■ MATERIAL TO PROCESS:
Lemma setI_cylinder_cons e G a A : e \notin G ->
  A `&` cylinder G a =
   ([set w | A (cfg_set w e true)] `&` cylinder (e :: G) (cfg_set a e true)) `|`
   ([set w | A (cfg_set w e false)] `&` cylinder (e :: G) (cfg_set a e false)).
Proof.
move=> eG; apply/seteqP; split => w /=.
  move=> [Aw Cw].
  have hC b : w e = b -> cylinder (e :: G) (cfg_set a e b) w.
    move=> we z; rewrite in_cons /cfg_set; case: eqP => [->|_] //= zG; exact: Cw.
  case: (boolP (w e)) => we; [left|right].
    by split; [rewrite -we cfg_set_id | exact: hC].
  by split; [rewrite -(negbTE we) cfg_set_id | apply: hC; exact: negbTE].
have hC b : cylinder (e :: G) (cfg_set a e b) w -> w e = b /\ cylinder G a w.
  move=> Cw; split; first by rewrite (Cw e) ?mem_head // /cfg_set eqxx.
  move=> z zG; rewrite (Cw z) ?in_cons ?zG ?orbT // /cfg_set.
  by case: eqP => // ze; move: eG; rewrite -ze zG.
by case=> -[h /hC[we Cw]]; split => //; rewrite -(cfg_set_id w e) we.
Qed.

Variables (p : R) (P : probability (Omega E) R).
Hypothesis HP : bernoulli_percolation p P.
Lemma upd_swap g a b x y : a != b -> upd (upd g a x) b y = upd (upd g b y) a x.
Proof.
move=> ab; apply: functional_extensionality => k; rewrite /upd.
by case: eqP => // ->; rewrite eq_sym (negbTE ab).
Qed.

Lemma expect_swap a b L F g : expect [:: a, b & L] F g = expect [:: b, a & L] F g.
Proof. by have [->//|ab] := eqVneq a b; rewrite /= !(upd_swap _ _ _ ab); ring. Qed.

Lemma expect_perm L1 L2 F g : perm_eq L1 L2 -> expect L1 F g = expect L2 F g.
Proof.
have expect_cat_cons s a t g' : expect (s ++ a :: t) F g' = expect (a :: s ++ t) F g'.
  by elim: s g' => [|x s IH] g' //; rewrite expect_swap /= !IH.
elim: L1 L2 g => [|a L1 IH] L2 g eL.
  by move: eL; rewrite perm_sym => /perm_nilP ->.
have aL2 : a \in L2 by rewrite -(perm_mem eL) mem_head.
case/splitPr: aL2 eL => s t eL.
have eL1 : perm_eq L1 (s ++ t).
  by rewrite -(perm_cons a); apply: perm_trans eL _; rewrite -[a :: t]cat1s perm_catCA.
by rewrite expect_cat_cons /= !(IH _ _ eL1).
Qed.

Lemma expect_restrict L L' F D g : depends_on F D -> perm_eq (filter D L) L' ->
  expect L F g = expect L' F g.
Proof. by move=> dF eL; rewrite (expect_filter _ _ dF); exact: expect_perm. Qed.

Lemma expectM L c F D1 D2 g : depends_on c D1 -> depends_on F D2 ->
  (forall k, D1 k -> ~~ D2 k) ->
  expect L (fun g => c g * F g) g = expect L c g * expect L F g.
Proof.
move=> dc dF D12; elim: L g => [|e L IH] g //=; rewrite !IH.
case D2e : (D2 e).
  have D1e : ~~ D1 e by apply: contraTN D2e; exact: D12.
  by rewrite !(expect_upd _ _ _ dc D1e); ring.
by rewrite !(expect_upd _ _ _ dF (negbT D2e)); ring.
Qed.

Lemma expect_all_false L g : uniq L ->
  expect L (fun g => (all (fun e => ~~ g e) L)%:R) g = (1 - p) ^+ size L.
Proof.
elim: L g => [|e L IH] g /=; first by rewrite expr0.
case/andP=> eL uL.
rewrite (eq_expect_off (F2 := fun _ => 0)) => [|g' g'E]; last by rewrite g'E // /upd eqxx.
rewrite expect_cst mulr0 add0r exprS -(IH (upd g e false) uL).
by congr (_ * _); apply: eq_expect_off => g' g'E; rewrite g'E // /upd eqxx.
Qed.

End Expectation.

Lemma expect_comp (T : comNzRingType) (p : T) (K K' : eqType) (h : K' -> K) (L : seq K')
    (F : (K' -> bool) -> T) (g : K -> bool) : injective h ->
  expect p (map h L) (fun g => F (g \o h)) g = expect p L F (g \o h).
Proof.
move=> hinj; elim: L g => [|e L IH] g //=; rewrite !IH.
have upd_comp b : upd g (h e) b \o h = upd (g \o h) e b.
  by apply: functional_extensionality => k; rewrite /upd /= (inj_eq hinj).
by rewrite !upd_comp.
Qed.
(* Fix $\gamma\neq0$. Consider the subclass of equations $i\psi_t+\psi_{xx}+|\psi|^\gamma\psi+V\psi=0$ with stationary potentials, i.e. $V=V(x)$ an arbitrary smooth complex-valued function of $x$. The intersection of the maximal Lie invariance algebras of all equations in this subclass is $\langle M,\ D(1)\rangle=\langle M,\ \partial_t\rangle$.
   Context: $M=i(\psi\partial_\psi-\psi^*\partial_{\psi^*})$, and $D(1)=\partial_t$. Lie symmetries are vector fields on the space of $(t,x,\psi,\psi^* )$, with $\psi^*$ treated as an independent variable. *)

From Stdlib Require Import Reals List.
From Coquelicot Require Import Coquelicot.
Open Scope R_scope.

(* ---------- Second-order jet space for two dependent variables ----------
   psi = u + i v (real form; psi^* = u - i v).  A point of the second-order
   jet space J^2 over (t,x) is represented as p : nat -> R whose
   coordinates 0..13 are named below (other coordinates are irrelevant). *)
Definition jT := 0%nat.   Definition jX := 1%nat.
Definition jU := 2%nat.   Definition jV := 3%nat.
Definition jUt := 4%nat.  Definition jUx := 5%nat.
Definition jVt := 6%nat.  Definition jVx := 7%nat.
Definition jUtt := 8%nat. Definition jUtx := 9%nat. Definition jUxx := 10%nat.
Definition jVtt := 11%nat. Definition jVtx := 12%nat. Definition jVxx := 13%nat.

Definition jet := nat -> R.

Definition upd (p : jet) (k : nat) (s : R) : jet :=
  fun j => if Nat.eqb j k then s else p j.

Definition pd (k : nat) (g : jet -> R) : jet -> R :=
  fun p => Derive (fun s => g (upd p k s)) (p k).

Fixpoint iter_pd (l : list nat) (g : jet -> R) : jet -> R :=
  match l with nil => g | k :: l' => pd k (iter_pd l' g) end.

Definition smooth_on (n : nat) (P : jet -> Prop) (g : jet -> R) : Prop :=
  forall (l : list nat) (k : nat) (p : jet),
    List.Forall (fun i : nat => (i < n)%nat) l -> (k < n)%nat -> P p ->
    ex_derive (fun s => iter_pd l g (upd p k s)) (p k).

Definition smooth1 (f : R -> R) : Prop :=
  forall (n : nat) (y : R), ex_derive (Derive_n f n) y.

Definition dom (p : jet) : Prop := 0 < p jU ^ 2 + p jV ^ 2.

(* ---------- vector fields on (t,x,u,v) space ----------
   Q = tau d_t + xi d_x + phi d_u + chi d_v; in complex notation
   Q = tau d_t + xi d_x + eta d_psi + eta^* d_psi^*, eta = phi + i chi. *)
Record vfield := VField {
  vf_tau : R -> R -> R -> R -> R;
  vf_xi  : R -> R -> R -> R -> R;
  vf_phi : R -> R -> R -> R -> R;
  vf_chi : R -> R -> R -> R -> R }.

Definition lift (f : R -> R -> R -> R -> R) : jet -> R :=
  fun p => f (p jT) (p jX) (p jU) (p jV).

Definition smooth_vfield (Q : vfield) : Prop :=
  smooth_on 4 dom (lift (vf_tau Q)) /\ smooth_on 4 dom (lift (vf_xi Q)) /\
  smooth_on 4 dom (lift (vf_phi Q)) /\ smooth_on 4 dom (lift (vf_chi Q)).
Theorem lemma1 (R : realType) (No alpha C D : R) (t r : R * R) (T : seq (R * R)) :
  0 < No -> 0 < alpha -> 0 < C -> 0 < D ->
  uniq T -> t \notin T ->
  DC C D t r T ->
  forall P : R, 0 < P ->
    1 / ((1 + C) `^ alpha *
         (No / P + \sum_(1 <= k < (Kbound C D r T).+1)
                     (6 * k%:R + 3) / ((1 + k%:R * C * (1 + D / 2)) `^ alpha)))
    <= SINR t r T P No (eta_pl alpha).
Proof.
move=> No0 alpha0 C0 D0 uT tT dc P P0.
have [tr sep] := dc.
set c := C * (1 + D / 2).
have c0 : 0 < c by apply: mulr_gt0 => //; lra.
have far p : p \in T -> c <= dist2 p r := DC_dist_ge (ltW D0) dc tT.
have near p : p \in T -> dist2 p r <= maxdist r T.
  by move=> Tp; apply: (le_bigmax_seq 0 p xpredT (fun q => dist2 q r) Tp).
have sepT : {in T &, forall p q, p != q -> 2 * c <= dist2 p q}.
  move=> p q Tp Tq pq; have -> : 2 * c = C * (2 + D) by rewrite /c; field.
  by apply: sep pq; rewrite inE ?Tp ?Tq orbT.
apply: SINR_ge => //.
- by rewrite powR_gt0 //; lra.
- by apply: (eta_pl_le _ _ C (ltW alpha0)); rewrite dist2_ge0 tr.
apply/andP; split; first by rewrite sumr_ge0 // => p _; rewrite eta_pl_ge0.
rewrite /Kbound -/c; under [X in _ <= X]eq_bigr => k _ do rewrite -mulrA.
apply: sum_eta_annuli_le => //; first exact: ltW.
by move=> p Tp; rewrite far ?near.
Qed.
---
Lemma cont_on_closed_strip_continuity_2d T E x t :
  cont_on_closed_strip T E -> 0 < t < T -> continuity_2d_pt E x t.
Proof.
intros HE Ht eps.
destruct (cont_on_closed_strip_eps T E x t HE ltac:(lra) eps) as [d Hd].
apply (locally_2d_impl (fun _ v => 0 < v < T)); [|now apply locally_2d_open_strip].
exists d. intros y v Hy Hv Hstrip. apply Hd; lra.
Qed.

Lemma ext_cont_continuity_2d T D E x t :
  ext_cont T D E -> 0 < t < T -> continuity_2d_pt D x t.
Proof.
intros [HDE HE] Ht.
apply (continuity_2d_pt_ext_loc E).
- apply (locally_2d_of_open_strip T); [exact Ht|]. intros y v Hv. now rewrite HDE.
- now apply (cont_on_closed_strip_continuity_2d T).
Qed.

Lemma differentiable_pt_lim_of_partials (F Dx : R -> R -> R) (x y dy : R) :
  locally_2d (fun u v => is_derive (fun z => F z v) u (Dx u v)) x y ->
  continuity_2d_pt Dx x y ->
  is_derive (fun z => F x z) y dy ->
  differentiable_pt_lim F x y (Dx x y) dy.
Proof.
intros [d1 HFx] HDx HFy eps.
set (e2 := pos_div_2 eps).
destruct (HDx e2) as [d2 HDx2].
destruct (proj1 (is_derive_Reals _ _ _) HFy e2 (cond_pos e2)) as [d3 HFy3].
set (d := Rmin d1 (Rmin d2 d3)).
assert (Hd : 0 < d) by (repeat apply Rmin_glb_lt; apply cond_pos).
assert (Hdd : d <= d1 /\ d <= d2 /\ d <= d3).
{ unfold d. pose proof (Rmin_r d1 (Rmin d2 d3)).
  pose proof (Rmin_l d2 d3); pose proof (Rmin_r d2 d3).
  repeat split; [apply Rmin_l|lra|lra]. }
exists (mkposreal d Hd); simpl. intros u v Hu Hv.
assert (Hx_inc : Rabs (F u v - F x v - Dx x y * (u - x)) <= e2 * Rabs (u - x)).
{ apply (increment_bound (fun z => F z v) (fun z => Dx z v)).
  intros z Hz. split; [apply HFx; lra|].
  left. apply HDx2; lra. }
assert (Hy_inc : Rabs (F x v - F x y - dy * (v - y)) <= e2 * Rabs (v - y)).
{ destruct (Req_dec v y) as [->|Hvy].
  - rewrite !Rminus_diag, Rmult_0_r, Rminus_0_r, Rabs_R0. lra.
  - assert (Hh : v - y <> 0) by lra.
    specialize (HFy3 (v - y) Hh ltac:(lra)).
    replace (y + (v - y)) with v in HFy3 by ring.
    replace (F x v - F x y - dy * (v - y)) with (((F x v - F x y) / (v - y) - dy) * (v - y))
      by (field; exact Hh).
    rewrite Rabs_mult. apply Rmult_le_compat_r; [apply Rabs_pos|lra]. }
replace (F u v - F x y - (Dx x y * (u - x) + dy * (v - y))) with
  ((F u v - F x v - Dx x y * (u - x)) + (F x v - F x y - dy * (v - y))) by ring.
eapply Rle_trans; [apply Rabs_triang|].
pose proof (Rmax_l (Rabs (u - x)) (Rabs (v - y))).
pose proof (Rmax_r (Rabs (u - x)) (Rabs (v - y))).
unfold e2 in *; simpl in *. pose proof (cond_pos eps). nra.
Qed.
--
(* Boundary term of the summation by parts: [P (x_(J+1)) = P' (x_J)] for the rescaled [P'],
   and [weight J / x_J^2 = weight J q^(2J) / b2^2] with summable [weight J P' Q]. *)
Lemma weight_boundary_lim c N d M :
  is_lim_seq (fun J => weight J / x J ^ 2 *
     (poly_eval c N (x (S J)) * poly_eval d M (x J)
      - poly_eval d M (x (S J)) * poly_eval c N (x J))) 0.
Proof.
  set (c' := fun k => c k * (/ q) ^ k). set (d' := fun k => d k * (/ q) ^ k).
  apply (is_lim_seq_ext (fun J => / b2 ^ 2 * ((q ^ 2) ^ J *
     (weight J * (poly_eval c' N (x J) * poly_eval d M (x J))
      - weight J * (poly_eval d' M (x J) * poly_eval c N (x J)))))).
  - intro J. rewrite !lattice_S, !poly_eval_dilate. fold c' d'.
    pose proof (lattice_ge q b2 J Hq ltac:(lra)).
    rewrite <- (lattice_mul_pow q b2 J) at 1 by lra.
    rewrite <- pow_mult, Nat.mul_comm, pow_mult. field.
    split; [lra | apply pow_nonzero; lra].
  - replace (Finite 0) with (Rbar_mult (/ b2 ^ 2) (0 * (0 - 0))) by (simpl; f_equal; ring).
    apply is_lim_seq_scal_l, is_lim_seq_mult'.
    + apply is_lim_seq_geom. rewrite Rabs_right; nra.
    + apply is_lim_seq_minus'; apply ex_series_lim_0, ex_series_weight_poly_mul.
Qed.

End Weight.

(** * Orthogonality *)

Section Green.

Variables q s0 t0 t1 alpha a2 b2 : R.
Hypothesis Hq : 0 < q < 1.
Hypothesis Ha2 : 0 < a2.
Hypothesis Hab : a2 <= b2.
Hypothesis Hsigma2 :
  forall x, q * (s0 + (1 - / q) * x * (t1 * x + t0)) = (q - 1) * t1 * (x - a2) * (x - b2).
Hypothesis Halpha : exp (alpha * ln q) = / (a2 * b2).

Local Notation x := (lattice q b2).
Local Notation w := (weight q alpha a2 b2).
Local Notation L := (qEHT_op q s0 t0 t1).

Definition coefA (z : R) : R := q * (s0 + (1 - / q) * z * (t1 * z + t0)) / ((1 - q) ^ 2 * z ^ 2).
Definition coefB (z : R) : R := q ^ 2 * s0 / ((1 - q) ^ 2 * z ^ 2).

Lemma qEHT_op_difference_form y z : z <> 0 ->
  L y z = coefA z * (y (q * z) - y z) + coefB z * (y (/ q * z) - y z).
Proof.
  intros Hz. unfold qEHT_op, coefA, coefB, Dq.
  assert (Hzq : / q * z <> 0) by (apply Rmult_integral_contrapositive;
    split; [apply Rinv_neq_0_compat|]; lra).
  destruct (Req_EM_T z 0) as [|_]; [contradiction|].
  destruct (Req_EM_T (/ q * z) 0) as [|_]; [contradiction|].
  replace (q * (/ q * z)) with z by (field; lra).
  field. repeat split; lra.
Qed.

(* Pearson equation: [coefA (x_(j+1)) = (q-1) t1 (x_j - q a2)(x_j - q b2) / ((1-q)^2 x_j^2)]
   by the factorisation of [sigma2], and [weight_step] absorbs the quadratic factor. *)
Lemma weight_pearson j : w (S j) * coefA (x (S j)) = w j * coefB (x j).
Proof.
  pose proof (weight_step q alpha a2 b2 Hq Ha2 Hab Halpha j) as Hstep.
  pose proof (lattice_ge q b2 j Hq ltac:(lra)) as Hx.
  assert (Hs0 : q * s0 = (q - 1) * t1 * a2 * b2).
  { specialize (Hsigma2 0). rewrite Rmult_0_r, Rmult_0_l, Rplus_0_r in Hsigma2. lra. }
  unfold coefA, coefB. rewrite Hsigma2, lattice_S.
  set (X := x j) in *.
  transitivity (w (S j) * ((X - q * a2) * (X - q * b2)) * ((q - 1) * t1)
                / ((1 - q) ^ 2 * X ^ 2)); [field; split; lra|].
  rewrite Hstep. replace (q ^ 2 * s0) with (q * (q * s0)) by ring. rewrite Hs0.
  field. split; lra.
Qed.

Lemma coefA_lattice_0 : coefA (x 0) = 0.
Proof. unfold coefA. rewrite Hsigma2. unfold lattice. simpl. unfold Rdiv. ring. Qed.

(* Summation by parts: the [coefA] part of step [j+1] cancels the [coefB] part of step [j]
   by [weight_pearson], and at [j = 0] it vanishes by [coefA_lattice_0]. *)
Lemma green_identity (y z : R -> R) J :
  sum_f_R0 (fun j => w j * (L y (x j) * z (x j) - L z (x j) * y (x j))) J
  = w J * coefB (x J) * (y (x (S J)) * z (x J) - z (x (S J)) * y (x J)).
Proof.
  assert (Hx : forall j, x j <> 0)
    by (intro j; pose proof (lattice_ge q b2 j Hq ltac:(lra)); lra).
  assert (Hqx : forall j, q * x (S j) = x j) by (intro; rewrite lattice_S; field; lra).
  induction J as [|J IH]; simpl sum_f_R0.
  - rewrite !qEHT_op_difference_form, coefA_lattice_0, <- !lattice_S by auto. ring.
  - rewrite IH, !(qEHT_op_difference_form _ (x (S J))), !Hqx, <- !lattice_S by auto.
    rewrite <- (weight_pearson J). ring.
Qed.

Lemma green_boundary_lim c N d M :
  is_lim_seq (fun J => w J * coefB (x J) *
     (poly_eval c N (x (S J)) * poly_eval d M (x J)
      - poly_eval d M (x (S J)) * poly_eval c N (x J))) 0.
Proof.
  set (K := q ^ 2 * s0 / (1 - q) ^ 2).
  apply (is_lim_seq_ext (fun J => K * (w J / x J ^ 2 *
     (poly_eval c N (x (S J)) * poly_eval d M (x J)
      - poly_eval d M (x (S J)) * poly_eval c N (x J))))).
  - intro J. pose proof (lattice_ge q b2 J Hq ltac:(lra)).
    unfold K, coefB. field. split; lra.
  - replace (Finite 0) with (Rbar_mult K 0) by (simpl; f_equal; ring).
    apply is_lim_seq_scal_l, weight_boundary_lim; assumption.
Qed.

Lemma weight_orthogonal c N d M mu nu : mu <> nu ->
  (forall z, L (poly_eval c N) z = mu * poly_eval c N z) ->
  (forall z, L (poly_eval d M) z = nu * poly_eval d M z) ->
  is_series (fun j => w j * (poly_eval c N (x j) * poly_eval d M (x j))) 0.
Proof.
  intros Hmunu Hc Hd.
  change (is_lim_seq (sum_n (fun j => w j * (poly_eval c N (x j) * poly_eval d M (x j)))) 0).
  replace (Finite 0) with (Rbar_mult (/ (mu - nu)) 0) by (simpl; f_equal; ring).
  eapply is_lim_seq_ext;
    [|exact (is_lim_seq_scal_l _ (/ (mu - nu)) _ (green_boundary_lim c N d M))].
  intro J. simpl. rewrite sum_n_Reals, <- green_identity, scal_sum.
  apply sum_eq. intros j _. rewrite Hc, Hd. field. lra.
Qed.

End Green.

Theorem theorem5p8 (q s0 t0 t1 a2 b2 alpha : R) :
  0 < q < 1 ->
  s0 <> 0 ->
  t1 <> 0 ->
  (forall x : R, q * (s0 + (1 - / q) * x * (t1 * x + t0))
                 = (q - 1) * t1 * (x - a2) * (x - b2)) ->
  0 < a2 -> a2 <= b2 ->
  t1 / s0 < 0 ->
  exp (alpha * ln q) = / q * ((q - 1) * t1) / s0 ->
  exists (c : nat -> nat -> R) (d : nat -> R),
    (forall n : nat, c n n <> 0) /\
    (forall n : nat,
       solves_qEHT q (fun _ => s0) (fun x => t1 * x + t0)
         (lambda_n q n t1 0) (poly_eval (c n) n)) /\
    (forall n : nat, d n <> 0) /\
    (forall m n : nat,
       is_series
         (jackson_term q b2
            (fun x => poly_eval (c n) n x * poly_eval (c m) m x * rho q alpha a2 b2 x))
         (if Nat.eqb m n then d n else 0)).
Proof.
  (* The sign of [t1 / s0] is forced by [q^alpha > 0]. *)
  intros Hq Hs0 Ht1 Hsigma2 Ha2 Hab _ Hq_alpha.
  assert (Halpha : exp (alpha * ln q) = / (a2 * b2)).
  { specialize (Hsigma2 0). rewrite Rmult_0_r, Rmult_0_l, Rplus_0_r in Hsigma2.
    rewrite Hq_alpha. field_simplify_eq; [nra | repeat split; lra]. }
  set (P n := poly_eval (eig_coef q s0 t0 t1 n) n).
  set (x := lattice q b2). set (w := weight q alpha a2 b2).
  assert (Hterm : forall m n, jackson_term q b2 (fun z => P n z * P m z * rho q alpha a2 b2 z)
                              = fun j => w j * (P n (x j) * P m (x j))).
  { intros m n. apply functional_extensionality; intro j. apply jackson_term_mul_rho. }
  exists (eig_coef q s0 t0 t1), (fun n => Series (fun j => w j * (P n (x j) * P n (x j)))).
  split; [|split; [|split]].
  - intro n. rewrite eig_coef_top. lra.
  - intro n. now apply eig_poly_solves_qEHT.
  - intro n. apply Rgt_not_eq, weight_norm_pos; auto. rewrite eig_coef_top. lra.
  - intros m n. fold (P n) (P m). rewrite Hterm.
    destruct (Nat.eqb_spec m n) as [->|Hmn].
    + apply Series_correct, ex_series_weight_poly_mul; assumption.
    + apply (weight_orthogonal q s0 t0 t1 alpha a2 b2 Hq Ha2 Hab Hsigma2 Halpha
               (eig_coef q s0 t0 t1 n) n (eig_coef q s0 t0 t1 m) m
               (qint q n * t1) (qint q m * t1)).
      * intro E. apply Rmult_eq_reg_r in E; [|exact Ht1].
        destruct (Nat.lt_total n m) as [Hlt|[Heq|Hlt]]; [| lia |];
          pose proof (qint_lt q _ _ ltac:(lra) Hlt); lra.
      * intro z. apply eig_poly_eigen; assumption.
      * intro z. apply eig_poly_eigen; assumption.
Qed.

■ EXERCISE OBJECTIVE:
Go through the listing above and write out exactly the lines starting with the one holding "Variables q s0 t0 t1 alpha a2 b2 : R." and running through the one holding "Local Notation L := (qEHT_op q s0 t0 t1).", ends included, and no others.

■ FINISHED EXERCISE:
Variables q s0 t0 t1 alpha a2 b2 : R.
Hypothesis Hq : 0 < q < 1.
Hypothesis Ha2 : 0 < a2.
Hypothesis Hab : a2 <= b2.
Hypothesis Hsigma2 :
  forall x, q * (s0 + (1 - / q) * x * (t1 * x + t0)) = (q - 1) * t1 * (x - a2) * (x - b2).
Hypothesis Halpha : exp (alpha * ln q) = / (a2 * b2).

Local Notation x := (lattice q b2).
Local Notation w := (weight q alpha a2 b2).
Local Notation L := (qEHT_op q s0 t0 t1).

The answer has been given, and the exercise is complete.